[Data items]

(* For a generic real $6\times 6$ skew-Hamiltonian matrix $A$ (i.e. for $A$ outside a proper algebraic subset of the space of skew-Hamiltonian matrices), the real vector space of homogeneous polynomials $H$ of degree $3$ in $x_1,\dots,x_6$ satisfying the system of second-order PDEs $A\,\nabla^2H(x)=\nabla^2H(x)\,A^{\rm T}$ (for all $x\in\mathbb R^6$) has dimension $12$.
   Context: $J=\begin{pmatrix}0&I_3\\-I_3&0\end{pmatrix}$. A real $6\times6$ matrix $A$ is skew-Hamiltonian if $A^{\rm T}J=JA$; such matrices form a 15-dimensional vector space. $\nabla^2 H$ denotes the Hesse matrix of $H$. *)

From HB Require Import structures.
From mathcomp Require Import all_boot all_order all_algebra.
Set Implicit Arguments. Unset Strict Implicit. Unset Printing Implicit Defensive.
Import Order.TTheory GRing.Theory Num.Theory.
Local Open Scope ring_scope.

(* The symplectic matrix J = [[0, I_3], [-I_3, 0]] of size 6. *)
Definition Jmx (R : pzRingType) : 'M[R]_6 :=
  \matrix_(i < 6, j < 6)
    (if (i < 3)%N && (val j == (val i + 3)%N) then 1
     else if (3 <= i)%N && ((val j + 3)%N == val i) then -1 else 0).

Definition skew_hamiltonian (R : pzRingType) (A : 'M[R]_6) : Prop :=
  A^T *m Jmx R = Jmx R *m A.

(* Monomials in x_1..x_6 with each exponent <= 3 (enough for degree-3 forms):
   an exponent vector m, representing prod_i x_i^(m i). *)
Definition mon := {ffun 'I_6 -> 'I_4}.

(* Polynomials in x_1..x_6 whose partial degrees are <= 3, given by their
   coefficient function on monomials. *)
Definition poly6 (R : pzRingType) : lmodType R := {ffun mon -> R^o}.

Definition mon_deg (m : mon) : nat := (\sum_(i < 6) (m i : nat))%N.

(* H is homogeneous of degree 3 (every polynomial that is homogeneous of
   degree 3 has all partial degrees <= 3, so is representable in poly6). *)
Definition homog3 (R : pzRingType) (H : poly6 R) : Prop :=
  forall m : mon, mon_deg m != 3%N -> H m = 0.

(* m + e_i (exponent of x_i raised by one; only used when m i < 3). *)
Definition mon_inc (m : mon) (i : 'I_6) : mon :=
  [ffun j => if j == i then inord (m i).+1 else m j].

Definition pderiv (R : pzRingType) (i : 'I_6) (H : poly6 R) : poly6 R :=
  [ffun m : mon => if ((m i : nat) < 3)%N
                   then H (mon_inc m i) *+ (m i).+1 else 0].

Definition peval (R : comPzRingType) (H : poly6 R) (x : 'I_6 -> R) : R :=
  \sum_(m : mon) H m * \prod_(i < 6) x i ^+ (m i).

Definition hesse (R : comPzRingType) (H : poly6 R) (x : 'I_6 -> R) : 'M[R]_6 :=
  \matrix_(i < 6, j < 6) peval (pderiv i (pderiv j H)) x.

Definition sol_space (R : comPzRingType) (A : 'M[R]_6) (H : poly6 R) : Prop :=
  homog3 H /\ forall x : 'I_6 -> R, A *m hesse H x = hesse H x *m A^T.

Definition has_dim (R : pzRingType) (V : lmodType R) (S : V -> Prop) (d : nat) : Prop :=
  exists b : 'I_d -> V,
    (forall c : 'I_d -> R, \sum_(k < d) c k *: b k = 0 -> forall k, c k = 0) /\
    (forall v : V, S v <-> exists c : 'I_d -> R, v = \sum_(k < d) c k *: b k).

(* Polynomials in the 36 entries of a 6x6 matrix, as a finite list of terms
   (coefficient, exponent of each entry). *)
Definition mxpoly36 (R : pzRingType) := seq (R * ('I_6 -> 'I_6 -> nat)).

Definition mxpeval (R : comPzRingType) (P : mxpoly36 R) (A : 'M[R]_6) : R :=
  \sum_(t <- P) t.1 * \prod_(i < 6) \prod_(j < 6) A i j ^+ (t.2 i j).

From HB Require Import structures.
From mathcomp Require Import all_boot all_order all_algebra all_fingroup ring zify.
Set Implicit Arguments. Unset Strict Implicit. Unset Printing Implicit Defensive.
Import Order.TTheory GRing.Theory Num.Theory.
Local Open Scope ring_scope.

(* The system only involves the symmetric tensor T = (d_i d_j d_k H) of the
   cubic H: it says that B = A^T can be moved between the first two slots of
   the trilinear form T(u, v, w).  As A is skew-Hamiltonian, B is also
   self-adjoint for the symplectic form omega(x, y) = x^T J y, so that
   omega(x, B^n x) = 0.  For generic A the Krylov vectors B^i e_1, B^i e_6
   (i < 3) form a basis and the Hankel matrix (omega(e_1, B^(i+j) e_6))_ij is
   invertible; pairing the expansions of B^3 e_1 and B^3 e_6 with omega then
   shows that both Krylov chains obey the same recurrence
   B^3 f = c_0 f + c_1 B f + c_2 B^2 f.  Hence T is determined by the numbers
   T(B^N f_a, f_b, f_c), which are symmetric in the seeds a, b, c and satisfy
   the recurrence in N, i.e. by the 4 * 3 = 12 values with N < 3, and every
   choice of these values is realised.  Genericity is the non-vanishing of
   det(Krylov) * det(Hankel), which holds at an explicit nilpotent A. *)

Definition symmetric3 (T A : Type) (F : T -> T -> T -> A) : Prop :=
  forall i j k, F i j k = F j i k /\ F i j k = F i k j.

Lemma perm_eql_swap (T : eqType) (x y : T) s : perm_eql [:: x, y & s] [:: y, x & s].
Proof. exact: perm_catCA [:: x] [:: y] s. Qed.

Lemma perm_eq2 (T : eqType) (a b i j : T) :
  perm_eq [:: a; b] [:: i; j] -> (a = i /\ b = j) \/ (a = j /\ b = i).
Proof.
move=> pe; have : a \in [:: i; j] by rewrite -(perm_mem pe) mem_head.
have single (x y : T) : perm_eq [:: x] [:: y] -> x = y.
  by move=> /perm_mem/(_ x); rewrite !mem_seq1 eqxx => /esym/eqP.
rewrite !inE => /orP[] /eqP Ea; [left | right]; split=> //; apply: single.
  by move: pe; rewrite Ea perm_cons.
by move: pe; rewrite Ea perm_sym perm_eql_swap perm_cons perm_sym.
Qed.

Lemma symmetric3_perm (T : eqType) (A : Type) (F : T -> T -> T -> A) a b c i j k :
  symmetric3 F -> perm_eq [:: a; b; c] [:: i; j; k] -> F a b c = F i j k.
Proof.
move=> sF pe; have s12 x y z := proj1 (sF x y z); have s23 x y z := proj2 (sF x y z).
have head_eq x y z u v : perm_eq [:: x; y; z] [:: x; u; v] -> F x y z = F x u v.
  by rewrite perm_cons => /perm_eq2 [[-> ->] | [-> ->]].
have : i \in [:: a; b; c] by rewrite (perm_mem pe) mem_head.
rewrite !inE => /or3P [] /eqP Ei; rewrite -{}Ei in pe *.
- exact: head_eq.
- by rewrite s12; apply: head_eq; rewrite perm_eql_swap.
- rewrite s23 s12; apply: head_eq.
  by apply: perm_trans pe; rewrite perm_eql_swap perm_cons perm_eql_swap.
Qed.

Definition mon0 : mon := [ffun => ord0].
Definition mon1 (k : 'I_6) : mon := mon_inc mon0 k.
Definition mon3 (i j k : 'I_6) : mon := mon_inc (mon_inc (mon1 k) i) j.

Lemma mon_incE (m : mon) i j : (m i < 3)%N -> mon_inc m i j = (m j + (j == i))%N :> nat.
Proof.
move=> lt_mi3; rewrite ffunE; case: eqP => [->|_]; last by rewrite addn0.
by rewrite addn1 inordK.
Qed.
Lemma eq_psd_kernel N (G G' : 'I_N -> 'I_N -> C) :
  G =2 G' -> psd_kernel G -> psd_kernel G'.
Proof. by move=> eGG' pG c; under eq_bigr do under eq_bigr do rewrite -eGG'. Qed.

Lemma psd_kernel0 N : psd_kernel (fun _ _ : 'I_N => 0).
Proof. by move=> c; rewrite big1 // => i _; rewrite big1 // => j _; rewrite mulr0. Qed.

Lemma psd_kernel_comb N (a : C) (G1 G2 : 'I_N -> 'I_N -> C) :
  0 <= a -> psd_kernel G1 -> psd_kernel G2 -> psd_kernel (fun i j => a * G1 i j + G2 i j).
Proof.
move=> a_ge0 pG1 pG2 c.
have -> : \sum_i \sum_j c i * (c j)^* * (a * G1 i j + G2 i j) =
    a * (\sum_i \sum_j c i * (c j)^* * G1 i j) + \sum_i \sum_j c i * (c j)^* * G2 i j.
  rewrite mulr_sumr -big_split; apply: eq_bigr => i _.
  by rewrite mulr_sumr -big_split; apply: eq_bigr => j _; rewrite mulrDr mulrCA.
by rewrite addr_ge0 ?mulr_ge0.
Qed.

(* Grouping the indices by the value of [f] turns the form into a sum of
   squared moduli [|\sum_(i | f i == t) c i|^2]. *)
Lemma psd_kernel_eqfun N (T : finType) (f : 'I_N -> T) :
  psd_kernel (fun i j => (f i == f j)%:R).
Proof.
move=> c; pose S t := \sum_(j | f j == t) c j.
have row i : \sum_j c i * (c j)^* * (f i == f j)%:R = c i * (S (f i))^*.
  rewrite /S rmorph_sum mulr_sumr [RHS]big_mkcond /=; apply: eq_bigr => j _.
  by rewrite eq_sym; case: eqP; rewrite ?mulr1 ?mulr0.
under eq_bigr do rewrite row.
rewrite (partition_big f predT) //=; apply: sumr_ge0 => t _.
rewrite (eq_bigr (fun i => c i * (S t)^*)); last by move=> i /= /eqP ->.
by rewrite -mulr_suml mul_conjC_ge0.
Qed.

Lemma psd_kernel_equiv N (E : rel 'I_N) :
  reflexive E -> symmetric E -> transitive E -> psd_kernel (fun i j => (E i j)%:R).
Proof.
move=> Er Es Et; apply: eq_psd_kernel (psd_kernel_eqfun (fun i => [set l | E i l])) => i j.
suff -> : ([set l | E i l] == [set l | E j l]) = E i j by [].
apply/idP/idP => [/eqP cl_ij|Eij].
  have : j \in [set l | E j l] by rewrite inE.
  by rewrite -cl_ij inE.
apply/eqP/setP => l; rewrite !inE; apply/idP/idP => [Eil|Ejl]; last exact: (Et j).
by apply: (Et i); rewrite // Es.
Qed.

End PositiveKernels.

Section UltrametricKernels.
Variables (R : realType) (N : nat) (d : 'I_N -> 'I_N -> R).
Hypotheses (d_refl : forall i, d i i = 0) (d_sym : forall i j, d i j = d j i)
  (d_ultra : forall i j l, d i l <= Num.max (d i j) (d j l)).

Lemma ultra_ge0 i j : 0 <= d i j.
Proof. by have := d_ultra i j i; rewrite d_refl (d_sym j i) maxxx. Qed.

Lemma psd_kernel_ball r : 0 <= r -> psd_kernel (fun i j => ((d i j <= r)%R%:R : R[i])).
Proof.
move=> r_ge0; apply: psd_kernel_equiv => [i|i j|j i l dij djl]; first by rewrite d_refl.
  by rewrite d_sym.
by apply: le_trans (d_ultra i j l) _; rewrite ge_max dij.
Qed.
Lemma sum_class_if (j : nat) (b : pred (state 'I_5)) (x : R) :
  \sum_(t | sdist t == j) (if b t then x else 0) =
  x *+ count (fun t => b t && (sdist t == j)) c5_states.
Proof.
rewrite (perm_big _ perm_c5_states) -big_mkcondr big_const_seq iter_addr addr0.
by congr (_ *+ _); apply: eq_count => t; rewrite andbC.
Qed.

Lemma class_countsE s j : s.1 != s.2 -> j \in [:: 1; 2]%N ->
  [/\ class_count robber_move s j = nbr_count (sdist s) j,
      class_count cop_move s j = nbr_count (sdist s) j &
      class_count greedy_move s j = greedy_count (sdist s) j].
Proof.
move=> live jcl; have := allP c5_class_counts s (mem_c5_states s).
by rewrite live => /allP/(_ j jcl)/and3P[/eqP-> /eqP-> /eqP->].
Qed.

Lemma robber_class_sum s j : s.1 != s.2 -> j \in [:: 1; 2]%N ->
  \sum_(t | sdist t == j) robber_kernel R c5adj s t = (nbr_count (sdist s) j)%:R / 2.
Proof.
move=> live jcl; have [<- _ _] := class_countsE live jcl.
rewrite mulr_natl -sum_class_if; apply: eq_bigr => t _.
by rewrite /robber_kernel deg_c5.
Qed.

Lemma cop_class_sum s j : s.1 != s.2 -> j \in [:: 1; 2]%N ->
  \sum_(t | sdist t == j) cop_kernel c5adj theta s t =
  theta / 2 * (nbr_count (sdist s) j)%:R + (1 - theta) * (greedy_count (sdist s) j)%:R.
Proof.
move=> live jcl; have [_ <- <-] := class_countsE live jcl.
rewrite !mulr_natr -!sum_class_if -big_split /=; apply: eq_bigr => t _.
rewrite /cop_kernel /greedy_move /cop_move deg_c5 in_greedy_c5 card_greedy_c5 // divr1.
by case: ((t.2 == s.2) && c5adj s.1 t.1); case: c5_greedy; rewrite ?addr0.
Qed.

Definition mass (j : nat) (m : {ffun state 'I_5 -> R}) : R := \sum_(s | sdist s == j) m s.

Lemma sum_live (F : state 'I_5 -> R) :
  \sum_(s | s.1 != s.2) F s = \sum_(s | sdist s == 1%N) F s + \sum_(s | sdist s == 2%N) F s.
Proof.
rewrite (bigID (fun s => sdist s == 1%N)) /=; congr (_ + _); apply: eq_bigl => s;
  by rewrite live_sdist !inE; case: (sdist s) => [|[|[|]]].
Qed.

Lemma mass_step (K : state 'I_5 -> state 'I_5 -> R) (k : nat -> R) m j :
  (forall s, s.1 != s.2 -> \sum_(t | sdist t == j) K s t = k (sdist s)) ->
  mass j (step K m) = k 1%N * mass 1 m + k 2%N * mass 2 m.
Proof.
move=> Kclass; rewrite /mass sum_step sum_live !mulr_sumr.
by congr (_ + _); apply: eq_bigr => s /eqP ds;
  rewrite Kclass ?live_sdist ds // mulrC.
Qed.

Lemma mass_robber_step m j : j \in [:: 1; 2]%N ->
  mass j (step (robber_kernel R c5adj) m) =
  (nbr_count 1 j)%:R / 2 * mass 1 m + (nbr_count 2 j)%:R / 2 * mass 2 m.
Proof.
move=> jcl; apply: (mass_step (k := fun i => (nbr_count i j)%:R / 2)) => s live.
exact: robber_class_sum.
Qed.

Lemma mass_cop_step m j : j \in [:: 1; 2]%N ->
  mass j (step (cop_kernel c5adj theta) m) =
  (theta / 2 * (nbr_count 1 j)%:R + (1 - theta) * (greedy_count 1 j)%:R) * mass 1 m +
  (theta / 2 * (nbr_count 2 j)%:R + (1 - theta) * (greedy_count 2 j)%:R) * mass 2 m.
Proof.
move=> jcl; apply: (mass_step (k := fun i =>
  theta / 2 * (nbr_count i j)%:R + (1 - theta) * (greedy_count i j)%:R)) => s live.
exact: cop_class_sum.
Qed.

Lemma mass1_round_step m :
  mass 1 (round_step c5adj theta m) = (1 - theta / 2) * (mass 1 m + mass 2 m) / 2.
Proof. by rewrite mass_cop_step // !mass_robber_step // /nbr_count /greedy_count /=; field. Qed.

Lemma mass2_round_step m :
  mass 2 (round_step c5adj theta m) = theta / 4 * mass 1 m + theta / 2 * mass 2 m.
Proof. by rewrite mass_cop_step // !mass_robber_step // /nbr_count /greedy_count /=; field. Qed.

End C5Kernels.

Section C5Game.
Variables (R : realType) (theta : R) (c r : 'I_5).

Let a n := mass 1 (distr_after c5adj theta c r n).
Let b n := mass 2 (distr_after c5adj theta c r n).

Lemma mass_start j : mass j (start_distr R c r) = (sdist (c, r) == j)%:R.
Proof.
rewrite /mass big_mkcond (bigD1 (c, r)) //= big1 => [|s /negbTE scr]; rewrite ffunE.
  by rewrite eqxx addr0; case: eqP.
by rewrite scr; case: ifP.
Qed.

Lemma P_gt_mass n : P_gt c5adj theta c r n = a n + b n.
Proof. exact: sum_live. Qed.

Lemma mass_distr_afterS n :
  a n.+1 = (1 - theta / 2) * (a n + b n) / 2 /\ b n.+1 = theta / 4 * a n + theta / 2 * b n.
Proof. by rewrite /a /b /distr_after iterS mass1_round_step mass2_round_step. Qed.

Lemma mass_distr_after_ge0 n : 0 <= theta <= 1 -> 0 <= a n /\ 0 <= b n.
Proof.
move=> /andP[t0 t1]; elim: n => [|n [a_ge0 b_ge0]]; first by rewrite /a /b !mass_start.
have [-> ->] := mass_distr_afterS n.
by split; [apply: mulr_ge0; first apply: mulr_ge0 | apply: addr_ge0; apply: mulr_ge0];
  lra.
Qed.

Lemma P_gt_le n : 0 <= theta <= 1 -> P_gt c5adj theta c r n <= (3 / 4) ^+ n.
Proof.
move=> theta01; rewrite P_gt_mass; elim: n => [|n IH].
  rewrite /a /b !mass_start expr0.
  by case: (sdist (c, r)) => [|[|[|k]]]; rewrite /= ?mulr0n ?mulr1n ?addr0 ?add0r ?ler01.
have [a_ge0 b_ge0] := mass_distr_after_ge0 n theta01.
have [-> ->] := mass_distr_afterS n; rewrite exprS.
have : b n * theta <= b n by rewrite ler_piMr //; case/andP: theta01.
have : 3 / 4 * (a n + b n) <= 3 / 4 * (3 / 4) ^+ n by rewrite ler_pM2l //; lra.
nra.
Qed.

Let denom := (1 - theta / 4) * (2 - (1 / 2 - theta / 4)) - 1.

(* The coefficients are the expected capture times from distances 1 and 2: the
   solution E of E = 1 + M E for the one-round matrix M of [mass_distr_afterS]. *)
Let potential n := (1 - theta / 4) / denom * a n + 1 / denom * b n.

Lemma denom_gt0 : 0 <= theta <= 1 -> 0 < denom.
Proof. by move=> /andP[t0 t1]; rewrite /denom; nra. Qed.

### Task details
Please output exactly the lines between the one holding "(* Monomials in" and the one holding "(forall c : 'I_d" in the records above, inclusive, and nothing more.

### Result below
(* Monomials in x_1..x_6 with each exponent <= 3 (enough for degree-3 forms):
   an exponent vector m, representing prod_i x_i^(m i). *)
Definition mon := {ffun 'I_6 -> 'I_4}.

(* Polynomials in x_1..x_6 whose partial degrees are <= 3, given by their
   coefficient function on monomials. *)
Definition poly6 (R : pzRingType) : lmodType R := {ffun mon -> R^o}.

Definition mon_deg (m : mon) : nat := (\sum_(i < 6) (m i : nat))%N.

(* H is homogeneous of degree 3 (every polynomial that is homogeneous of
   degree 3 has all partial degrees <= 3, so is representable in poly6). *)
Definition homog3 (R : pzRingType) (H : poly6 R) : Prop :=
  forall m : mon, mon_deg m != 3%N -> H m = 0.

(* m + e_i (exponent of x_i raised by one; only used when m i < 3). *)
Definition mon_inc (m : mon) (i : 'I_6) : mon :=
  [ffun j => if j == i then inord (m i).+1 else m j].

Definition pderiv (R : pzRingType) (i : 'I_6) (H : poly6 R) : poly6 R :=
  [ffun m : mon => if ((m i : nat) < 3)%N
                   then H (mon_inc m i) *+ (m i).+1 else 0].

Definition peval (R : comPzRingType) (H : poly6 R) (x : 'I_6 -> R) : R :=
  \sum_(m : mon) H m * \prod_(i < 6) x i ^+ (m i).

Definition hesse (R : comPzRingType) (H : poly6 R) (x : 'I_6 -> R) : 'M[R]_6 :=
  \matrix_(i < 6, j < 6) peval (pderiv i (pderiv j H)) x.

Definition sol_space (R : comPzRingType) (A : 'M[R]_6) (H : poly6 R) : Prop :=
  homog3 H /\ forall x : 'I_6 -> R, A *m hesse H x = hesse H x *m A^T.

Definition has_dim (R : pzRingType) (V : lmodType R) (S : V -> Prop) (d : nat) : Prop :=
  exists b : 'I_d -> V,
    (forall c : 'I_d -> R, \sum_(k < d) c k *: b k = 0 -> forall k, c k = 0) /\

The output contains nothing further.